■ Try it
Set down exactly, from the records below, the line with "Definition Eset (K" through the line with "Improvability passes from", and nothing else.
[Start of Attachment]
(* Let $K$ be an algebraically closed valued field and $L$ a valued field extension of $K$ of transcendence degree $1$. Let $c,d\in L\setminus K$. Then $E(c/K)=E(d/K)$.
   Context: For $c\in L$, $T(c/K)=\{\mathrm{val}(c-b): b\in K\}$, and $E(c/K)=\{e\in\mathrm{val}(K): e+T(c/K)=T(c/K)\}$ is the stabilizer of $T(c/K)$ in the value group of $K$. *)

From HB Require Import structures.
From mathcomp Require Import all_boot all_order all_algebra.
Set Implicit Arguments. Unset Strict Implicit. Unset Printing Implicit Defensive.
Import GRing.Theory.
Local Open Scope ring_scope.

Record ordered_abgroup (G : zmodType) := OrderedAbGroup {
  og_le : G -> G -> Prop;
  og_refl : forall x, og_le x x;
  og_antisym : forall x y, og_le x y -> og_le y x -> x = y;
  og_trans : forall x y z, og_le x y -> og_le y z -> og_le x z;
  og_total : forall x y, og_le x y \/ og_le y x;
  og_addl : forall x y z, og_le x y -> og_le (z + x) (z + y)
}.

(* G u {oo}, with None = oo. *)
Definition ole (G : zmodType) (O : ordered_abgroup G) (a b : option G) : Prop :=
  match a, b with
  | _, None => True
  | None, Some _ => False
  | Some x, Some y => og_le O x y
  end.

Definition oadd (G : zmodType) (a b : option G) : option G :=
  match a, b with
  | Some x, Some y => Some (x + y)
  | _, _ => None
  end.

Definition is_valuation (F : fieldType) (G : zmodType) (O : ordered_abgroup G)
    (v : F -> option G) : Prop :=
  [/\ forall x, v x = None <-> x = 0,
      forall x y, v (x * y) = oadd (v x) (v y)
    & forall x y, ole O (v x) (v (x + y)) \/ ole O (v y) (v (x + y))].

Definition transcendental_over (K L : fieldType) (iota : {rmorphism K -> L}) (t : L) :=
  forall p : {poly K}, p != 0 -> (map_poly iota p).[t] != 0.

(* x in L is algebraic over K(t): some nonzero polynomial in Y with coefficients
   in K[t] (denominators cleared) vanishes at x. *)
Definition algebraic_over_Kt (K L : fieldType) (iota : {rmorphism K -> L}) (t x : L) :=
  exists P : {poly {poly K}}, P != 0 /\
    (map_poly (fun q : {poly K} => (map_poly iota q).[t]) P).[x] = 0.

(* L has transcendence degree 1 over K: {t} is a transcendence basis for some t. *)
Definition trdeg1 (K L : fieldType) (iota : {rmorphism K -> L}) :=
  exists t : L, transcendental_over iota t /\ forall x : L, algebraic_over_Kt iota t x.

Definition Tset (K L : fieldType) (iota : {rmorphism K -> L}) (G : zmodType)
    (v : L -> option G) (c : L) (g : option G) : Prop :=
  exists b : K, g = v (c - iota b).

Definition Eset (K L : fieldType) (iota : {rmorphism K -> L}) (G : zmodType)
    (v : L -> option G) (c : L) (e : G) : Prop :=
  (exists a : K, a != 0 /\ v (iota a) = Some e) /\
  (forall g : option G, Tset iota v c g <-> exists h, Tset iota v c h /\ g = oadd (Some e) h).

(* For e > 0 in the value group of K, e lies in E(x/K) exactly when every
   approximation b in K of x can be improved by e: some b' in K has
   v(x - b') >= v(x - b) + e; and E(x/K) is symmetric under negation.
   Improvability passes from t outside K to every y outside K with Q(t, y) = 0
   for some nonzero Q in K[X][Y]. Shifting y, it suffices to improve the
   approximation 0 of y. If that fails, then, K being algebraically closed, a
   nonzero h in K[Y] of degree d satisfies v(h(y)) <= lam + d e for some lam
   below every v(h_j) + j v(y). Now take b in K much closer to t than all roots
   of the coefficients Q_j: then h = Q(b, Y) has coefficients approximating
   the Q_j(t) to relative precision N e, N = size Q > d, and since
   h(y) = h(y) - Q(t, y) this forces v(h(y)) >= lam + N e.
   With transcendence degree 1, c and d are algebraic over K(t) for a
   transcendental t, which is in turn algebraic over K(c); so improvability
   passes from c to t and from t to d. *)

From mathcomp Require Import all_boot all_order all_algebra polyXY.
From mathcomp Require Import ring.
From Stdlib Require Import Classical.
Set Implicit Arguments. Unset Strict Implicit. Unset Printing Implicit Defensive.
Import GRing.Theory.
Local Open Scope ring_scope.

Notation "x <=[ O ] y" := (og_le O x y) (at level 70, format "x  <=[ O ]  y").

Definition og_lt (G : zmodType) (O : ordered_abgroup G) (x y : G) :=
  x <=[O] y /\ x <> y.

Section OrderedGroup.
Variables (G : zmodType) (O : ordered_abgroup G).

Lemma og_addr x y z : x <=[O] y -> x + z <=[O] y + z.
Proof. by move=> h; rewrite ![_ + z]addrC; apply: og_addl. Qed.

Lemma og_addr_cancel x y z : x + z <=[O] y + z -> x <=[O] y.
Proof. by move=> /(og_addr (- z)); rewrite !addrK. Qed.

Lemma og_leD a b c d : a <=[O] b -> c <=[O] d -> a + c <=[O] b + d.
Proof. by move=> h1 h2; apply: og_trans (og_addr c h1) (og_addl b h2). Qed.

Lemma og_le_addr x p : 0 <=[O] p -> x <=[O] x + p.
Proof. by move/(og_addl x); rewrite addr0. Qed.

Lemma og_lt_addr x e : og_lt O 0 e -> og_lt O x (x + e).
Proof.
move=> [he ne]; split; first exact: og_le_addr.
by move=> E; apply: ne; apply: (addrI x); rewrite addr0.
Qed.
[End of Attachment]
■ Answer to this task
Definition Eset (K L : fieldType) (iota : {rmorphism K -> L}) (G : zmodType)
    (v : L -> option G) (c : L) (e : G) : Prop :=
  (exists a : K, a != 0 /\ v (iota a) = Some e) /\
  (forall g : option G, Tset iota v c g <-> exists h, Tset iota v c h /\ g = oadd (Some e) h).

(* For e > 0 in the value group of K, e lies in E(x/K) exactly when every
   approximation b in K of x can be improved by e: some b' in K has
   v(x - b') >= v(x - b) + e; and E(x/K) is symmetric under negation.
   Improvability passes from t outside K to every y outside K with Q(t, y) = 0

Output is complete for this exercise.